Directions -
Only a number is wanted here: the count of lines in the data below where the string "split" occurs.

Stored data
(* Let $f: \mathbb{R}^n \to \mathbb{R}^n$ be topical. There exists $1 \le i \le n$ such that $\lim_{k\to\infty} f^k_i(y)/k = \overline{\chi}(f)$ for all $y \in \mathbb{R}^n$.
   Context: $f$ is topical if $f(x+h) = f(x)+h$ for all $h\in\mathbb{R}$ (scalar added to each coordinate) and $x\le y$ componentwise implies $f(x)\le f(y)$. The upper cycle time is $\overline{\chi}(f) = \lim_{k\to\infty} \max_i f^k_i(x)/k$, which exists and is independent of $x$. *)

From HB Require Import structures.
From mathcomp Require Import all_boot all_order all_algebra.
From mathcomp Require Import all_classical all_reals all_analysis.
Set Implicit Arguments. Unset Strict Implicit. Unset Printing Implicit Defensive.
Import Order.TTheory GRing.Theory Num.Theory.
Import numFieldNormedType.Exports.
Local Open Scope ring_scope.

(* Vectors of R^(n+1) are functions 'I_n.+1 -> R (coordinates 0..n). *)

Definition topical (R : realType) (n : nat)
    (f : ('I_n -> R) -> ('I_n -> R)) : Prop :=
  (forall (x : 'I_n -> R) (h : R), f (fun i => x i + h) = (fun i => f x i + h)) /\
  (forall x y : 'I_n -> R, (forall i, x i <= y i) -> forall i, f x i <= f y i).

Definition vmax (R : realType) (n : nat) (x : 'I_n.+1 -> R) : R :=
  \big[Num.max/x ord0]_(i < n.+1) x i.

(* upper cycle time: lim_k max_i f^k_i(x)/k, taken at x = 0 (the limit exists
   and is independent of x). *)
Definition upper_cycle_time (R : realType) (n : nat)
    (f : ('I_n.+1 -> R) -> ('I_n.+1 -> R)) : R :=
  limn (fun k : nat => vmax (iter k f (fun _ => 0)) / k%:R).

From HB Require Import structures.
From mathcomp Require Import all_boot all_order all_algebra.
From mathcomp Require Import all_classical all_reals all_analysis.
From mathcomp Require Import lra.
Import Order.TTheory GRing.Theory Num.Theory.
Import numFieldNormedType.Exports.
Local Open Scope ring_scope.
Local Open Scope classical_set_scope.

(* Let rho_i be the best linear lower growth rate of the coordinate orbit
   k |-> f^k_i(0), and pick i with rho_i maximal.  Then f^k_i(0) >= k (rho_i - e) - C
   by definition, and the key point is the matching upper bound
   f^k_j(0) <= k (rho_i + e) + C for every j: otherwise g := f - (rho_i + e) is a
   topical map with an orbit unbounded above, and such a map always has a coordinate
   whose orbit is bounded below, i.e. a coordinate growing at rate rho_i + e.
   The latter is a compactness argument: the normalised running maxima of the orbit
   are sub-eigenvectors of g on their large coordinates, a cluster point of them is a
   sub-eigenvector with entries -oo allowed, and iterating it bounds the orbit below
   on its finite coordinates.  Since topical maps are sup-norm nonexpansive, the
   rates do not depend on the starting point, and max_j f^k_j(0) / k has the same
   limit rho_i. *)


Section Topical.
Context {R : realType} {N : nat}.
Implicit Types (g : ('I_N -> R) -> 'I_N -> R) (x y : 'I_N -> R) (c : R).

Lemma topicalD {g} x c : topical g -> g (fun i => x i + c) = (fun i => g x i + c).
Proof. by case=> gD _; rewrite gD. Qed.

Lemma topical_le {g x y} : topical g ->
  (forall i, x i <= y i) -> forall i, g x i <= g y i.
Proof. by case=> _ gle; apply: gle. Qed.

Lemma topical_leD {g x y c} : topical g ->
  (forall j, x j <= y j + c) -> forall i, g x i <= g y i + c.
Proof. by move=> tg /(topical_le tg) xy i; have := xy i; rewrite (topicalD _ _ tg). Qed.

Lemma topical_dist {g x y c} : topical g ->
  (forall j, `|x j - y j| <= c) -> forall i, `|g x i - g y i| <= c.
Proof.
move=> tg xy i; have [xyc yxc] : (forall j, x j <= y j + c) /\ (forall j, y j <= x j + c).
  by split=> j; have := xy j; rewrite ler_norml => /andP[]; lra.
have := topical_leD tg xyc i; have := topical_leD tg yxc i.
by rewrite ler_norml; lra.
Qed.

Lemma topical_iter {g} k : topical g -> topical (iter k g).
Proof.
move=> tg; elim: k => [|k [iterD iter_le]] //=; split=> [x c|x y xy i].
- by rewrite /= iterD (topicalD _ _ tg).
- by apply: (topical_le tg); apply: iter_le.
Qed.

Lemma topical_subr {g} c : topical g -> topical (fun x i => g x i - c).
Proof.
move=> tg; split=> [x h|x y xy i].
- by rewrite (topicalD _ _ tg); apply/funext => i; rewrite addrAC.
- by rewrite lerD2r (topical_le tg).
Qed.

Lemma iter_topical_subr {g} c k x : topical g ->
  iter k (fun x i => g x i - c) x = (fun i => iter k g x i - k%:R * c).
Proof.
move=> tg; elim: k => [|k IH] /=; first by apply/funext => i; rewrite mul0r subr0.
rewrite IH (topicalD _ _ tg); apply/funext => i.
by rewrite -addrA -opprD mulrSr mulrDl mul1r addrC.
Qed.

Lemma iter_topical_dist {g} k {x y c} : topical g ->
  (forall j, `|x j - y j| <= c) -> forall i, `|iter k g x i - iter k g y i| <= c.
Proof. by move=> tg; apply: topical_dist; apply: topical_iter. Qed.

Lemma iter_topical_linear {g c} k i : topical g ->
  (forall j, `|g (fun _ => 0) j| <= c) -> `|iter k g (fun _ => 0) i| <= k%:R * c.
Proof.
move=> tg g0c; elim: k i => [|k IH] i; first by rewrite normr0 mul0r.
have step : `|g (iter k g (fun _ => 0)) i - g (fun _ => 0) i| <= k%:R * c.
  by apply: topical_dist => // j; rewrite subr0.
rewrite iterS -natr1 mulrDl mul1r -(subrK (g (fun _ => 0) i) (g _ i)).
exact: le_trans (ler_normD _ _) (lerD step (g0c i)).
Qed.

Lemma coord_bound x : exists c, forall j, `|x j| <= c.
Proof. by exists (\big[Num.max/0]_j `|x j|) => j; apply: le_bigmax. Qed.

End Topical.

Lemma compact_seq_cluster {T : topologicalType} {K : set T} :
  compact K -> forall u : nat -> T, (forall m, K (u m)) ->
  exists2 e, K e & forall B m0, nbhs e B -> exists2 m, (m0 <= m)%N & B (u m).
Proof.
move=> cK u Ku; have [|e [Ke cle]] := cK (u @ \oo) _.
  by exists 0%N => // m _; apply: Ku.
exists e => // B m0 eB.
have tail : (u @ \oo) (u @` [set m | (m0 <= m)%N]) by exists m0 => // m; exists m.
by have [_ [[m m0m <-] Bum]] := cle _ _ tail eB; exists m.
Qed.

Lemma nbhs_coord (I : eqType) (K : I -> topologicalType) (e : prod_topology K)
    (i : I) (B : set (K i)) :
  nbhs (e i) B -> nbhs e [set x : prod_topology K | B (x i)].
Proof. exact: proj_continuous. Qed.

Lemma compact_unit_cube (R : realType) (N : nat) :
  compact [set x : prod_topology (fun _ : 'I_N => R) | forall i, `[0, 1] (x i)].
Proof. exact: (tychonoff (fun _ => @segment_compact R 0 1)). Qed.

Lemma cvg_linear_rate (R : realType) (w : nat -> R) (a : R) :
  (forall e, 0 < e -> exists C, forall k, `|w k - k%:R * a| <= k%:R * e + C) ->
  w k / k%:R @[k --> \oo] --> a.
Proof.
move=> wa; apply/cvgrPdist_le => e e0.
have [C wC] : exists C, forall k, `|w k - k%:R * a| <= k%:R * (e / 2) + C.
  by apply: wa; rewrite divr_gt0.
near=> k.
have k0 : 0 < k%:R :> R by rewrite ltr0n; near: k; exists 1%N.
have Ck : C <= k%:R * (e / 2).
  rewrite -ler_pdivrMr ?divr_gt0 //; near: k; exact: nbhs_infty_ger.
rewrite distrC -[a](mulfK (lt0r_neq0 k0)) -mulrBl normrM normfV (gtr0_norm k0).
rewrite ler_pdivrMr // [a * _]mulrC.
by apply: le_trans (wC k) _; lra.
Unshelve. all: by end_near.
Qed.

Section UnboundedOrbit.
Variables (R : realType) (N : nat) (h : ('I_N -> R) -> 'I_N -> R).
Hypothesis th : topical h.
Hypothesis h_unbounded : forall C : R, exists k i, C < iter k h (fun _ => 0) i.

Local Notation orbit k := (iter k h (fun _ => 0)).
Local Notation vec := (prod_topology (fun _ : 'I_N => R)).

Fixpoint running_max m : 'I_N -> R :=
  if m is m'.+1 then fun i => Num.max (running_max m' i) (orbit m i) else fun _ => 0.

Lemma running_max_ge0 m i : 0 <= running_max m i.
Proof. by elim: m => //= m IH; rewrite le_max IH. Qed.

Lemma orbit_le_running_max m i : orbit m i <= running_max m i.
Proof. by case: m => //= m; rewrite le_max lexx orbT. Qed.

Lemma running_max_mono m m' i : (m <= m')%N -> running_max m i <= running_max m' i.
Proof.
elim: m' => [|m' IH]; first by rewrite leqn0 => /eqP->.
rewrite leq_eqVlt ltnS => /predU1P[-> //|/IH/le_trans]; apply.
by rewrite /= le_max lexx.
Qed.

(* A positive entry of [running_max m] is some [orbit k.+1 i = h (orbit k) i]
   with [orbit k <= running_max m]. *)
Lemma running_max_subeigen m i :
  running_max m i <= 0 \/ running_max m i <= h (running_max m) i.
Proof.
elim: m i => [|m IH] i; first by left.
have hU : h (running_max m) i <= h (running_max m.+1) i.
  by apply: (topical_le th) => j; apply: running_max_mono.
have hb : orbit m.+1 i <= h (running_max m.+1) i.
  apply: (topical_le th) => j; apply: le_trans (orbit_le_running_max m j) _.
  exact: running_max_mono.
rewrite /= -/(running_max m.+1); case: (leP (running_max m i) (orbit m.+1 i)) => _.
  by right.
by case: (IH i) => [->|/le_trans/(_ hU)]; [left|right].
Qed.

Definition height m := \big[Num.max/0]_i running_max m i.

Lemma running_max_le_height m i : running_max m i <= height m.
Proof. exact: le_bigmax. Qed.

Lemma height_unbounded C : exists m0, forall m, (m0 <= m)%N -> C < height m.
Proof.
have [k [i Ck]] := h_unbounded C; exists k => m km.
apply: (lt_le_trans Ck); apply: (le_trans (orbit_le_running_max k i)).
exact: le_trans (running_max_mono _ _ i km) (running_max_le_height m i).
Qed.

Definition profile m i := running_max m i - height m.

Lemma profile_le0 m i : profile m i <= 0.
Proof. by rewrite subr_le0 running_max_le_height. Qed.
(* Let $(TN,\mu)$ be a $T$-system. For a transition $t$ of $TN$ and a pre-place $q\in{}^\bullet t$ with $\mu(q)=0$ let $$en(TN,\mu)_q:=\{(\tau,\delta):\ \tau\in en(TN,\mu),\ \delta=(\tau,\dots,q,t)\subset TN \text{ an elementary path}\}.$$ (1) Let $t$ be a transition of $TN$ which is enabled at some marking reachable from $\mu$. Then for each pre-place $q\in{}^\bullet t$ with $\mu(q)=0$ there is a pair $(\tau,\delta)\in en(TN,\mu)_q$ with $\Vert\mu\Vert_\delta=0$. (2) Assume moreover that $(TN,\mu)$ is perpetual with regeneration cluster $cl$, and let $t_{cl}$ be the unique transition of $cl$. (i) For each transition $t$ of $TN$ having a pre-place $p\in{}^\bullet t$ with $\mu(p)=1$, and for each pre-place $q\in{}^\bullet t$ with $\mu(q)=0$, there is a pair $(\tau,\delta)\in en(TN,\mu)_q$ with $\Vert\mu\Vert_\delta=0$ and $t_{cl}\notin\delta_{seg}$, where $\delta_{seg}:=(\tau,\dots,q)$ is the segment of $\delta$ ending at $q$. (ii) Each elementary path $\delta\subset TN$ with $t_{cl}\notin\delta$ satisfies $\Vert\mu\Vert_\delta\le 1$.
   Context: A net $N=(P,T,F)$: finite disjoint sets of places and transitions and edges $F\subset(P\times T)\cup(T\times P)$; nets are weakly connected. ${}^\bullet x$, $x^\bullet$ are pre-set and post-set. A $T$-net is a net in which every place has exactly one pre-transition and exactly one post-transition; a $T$-system is a pair $(TN,\mu)$ with $TN$ a $T$-net and $\mu$ a marking (a map from places to $\mathbb{N}$). A transition $t$ is enabled at $\mu$ if all places of ${}^\bullet t$ carry a token; firing removes one token from each pre-place and adds one to each post-place. $en(TN,\mu)$ is the set of transitions enabled at $\mu$; reachable markings are those obtained by firing finite sequences of successively enabled transitions. A path is a nonempty sequence of nodes $(x_1,\dots,x_n)$ with $(x_i,x_{i+1})\in F$; it is elementary if its nodes are pairwise distinct. For a set of nodes $X$ (e.g. the nodes of a path), $\Vert\mu\Vert_X=\sum_{p\in X\text{ place}}\mu(p)$. The cluster of a node $x$ is the smallest subnet containing $x$ containing $p^\bullet$ for each of its places $p$ and ${}^\bullet t$ for each of its transitions $t$; $\mu_{cl}$ is the marking equal to $1$ on the places of $cl$ and $0$ elsewhere. A Petri net $(N,\mu)$ is perpetual with regeneration cluster $cl$ if it is live and bounded and $\mu_{cl}$ is a home marking (reachable from every reachable marking). *)

From mathcomp Require Import all_boot.
Set Implicit Arguments. Unset Strict Implicit. Unset Printing Implicit Defensive.

Section Nets.
(* A net N = (P,T,F): places P and transitions T are finite types (disjoint
   by construction, nodes are P + T); F is given by
   pt p t  <-> (p,t) in F   and   tp t p <-> (t,p) in F. *)
Variables (P T : finType) (pt : P -> T -> bool) (tp : T -> P -> bool).

Definition node := (P + T)%type.

Definition flow (x y : node) : bool :=
  match x, y with
  | inl p, inr t => pt p t
  | inr t, inl p => tp t p
  | _, _ => false
  end.

Definition weakly_connected : Prop :=
  forall x y : node, connect (fun a b => flow a b || flow b a) x y.

Definition is_Tnet : Prop :=
  weakly_connected /\
  forall p : P, #|[set t | tp t p]| = 1 /\ #|[set t | pt p t]| = 1.

Definition marking := {ffun P -> nat}.

Definition enabled (m : marking) (t : T) : bool :=
  [forall p, pt p t ==> (0 < m p)].

Definition fire (m : marking) (t : T) : marking :=
  [ffun p => m p - pt p t + tp t p].

Inductive reachable (m : marking) : marking -> Prop :=
  | reach_refl : reachable m m
  | reach_step m' t : reachable m m' -> enabled m' t -> reachable m (fire m' t).

Definition is_path (d : seq node) : bool :=
  if d is x :: s then path flow x s else false.

Definition elementary_path (d : seq node) : bool := is_path d && uniq d.

Definition mnorm (m : marking) (d : seq node) : nat :=
  \sum_(p : P | inl p \in d) m p.

Definition en_q (m : marking) (q : P) (t : T) (tau : T) (d : seq node) : Prop :=
  enabled m tau /\ elementary_path d /\
  exists s, d = inr tau :: s ++ [:: inl q; inr t].

Definition cluster_closed (S : {set node}) : Prop :=
  (forall p t, inl p \in S -> pt p t -> inr t \in S) /\
  (forall t p, inr t \in S -> pt p t -> inl p \in S).

Definition is_cluster_of (x : node) (cl : {set node}) : Prop :=
  x \in cl /\ cluster_closed cl /\
  forall S : {set node}, x \in S -> cluster_closed S -> cl \subset S.

Definition is_cluster (cl : {set node}) : Prop := exists x, is_cluster_of x cl.

Definition mu_cl (cl : {set node}) : marking := [ffun p => nat_of_bool (inl p \in cl)].

Definition live (m0 : marking) : Prop :=
  forall m, reachable m0 m -> forall t, exists m', reachable m m' /\ enabled m' t.

Definition bounded (m0 : marking) : Prop :=
  exists k, forall m, reachable m0 m -> forall p, m p <= k.

Definition home_marking (m0 h : marking) : Prop :=
  forall m, reachable m0 m -> reachable m h.

Definition perpetual (m0 : marking) (cl : {set node}) : Prop :=
  live m0 /\ bounded m0 /\ is_cluster cl /\ home_marking m0 (mu_cl cl).

End Nets.

From mathcomp Require Import all_boot zify.
From Stdlib Require Import Classical_Prop.
Set Implicit Arguments. Unset Strict Implicit. Unset Printing Implicit Defensive.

Result below -
3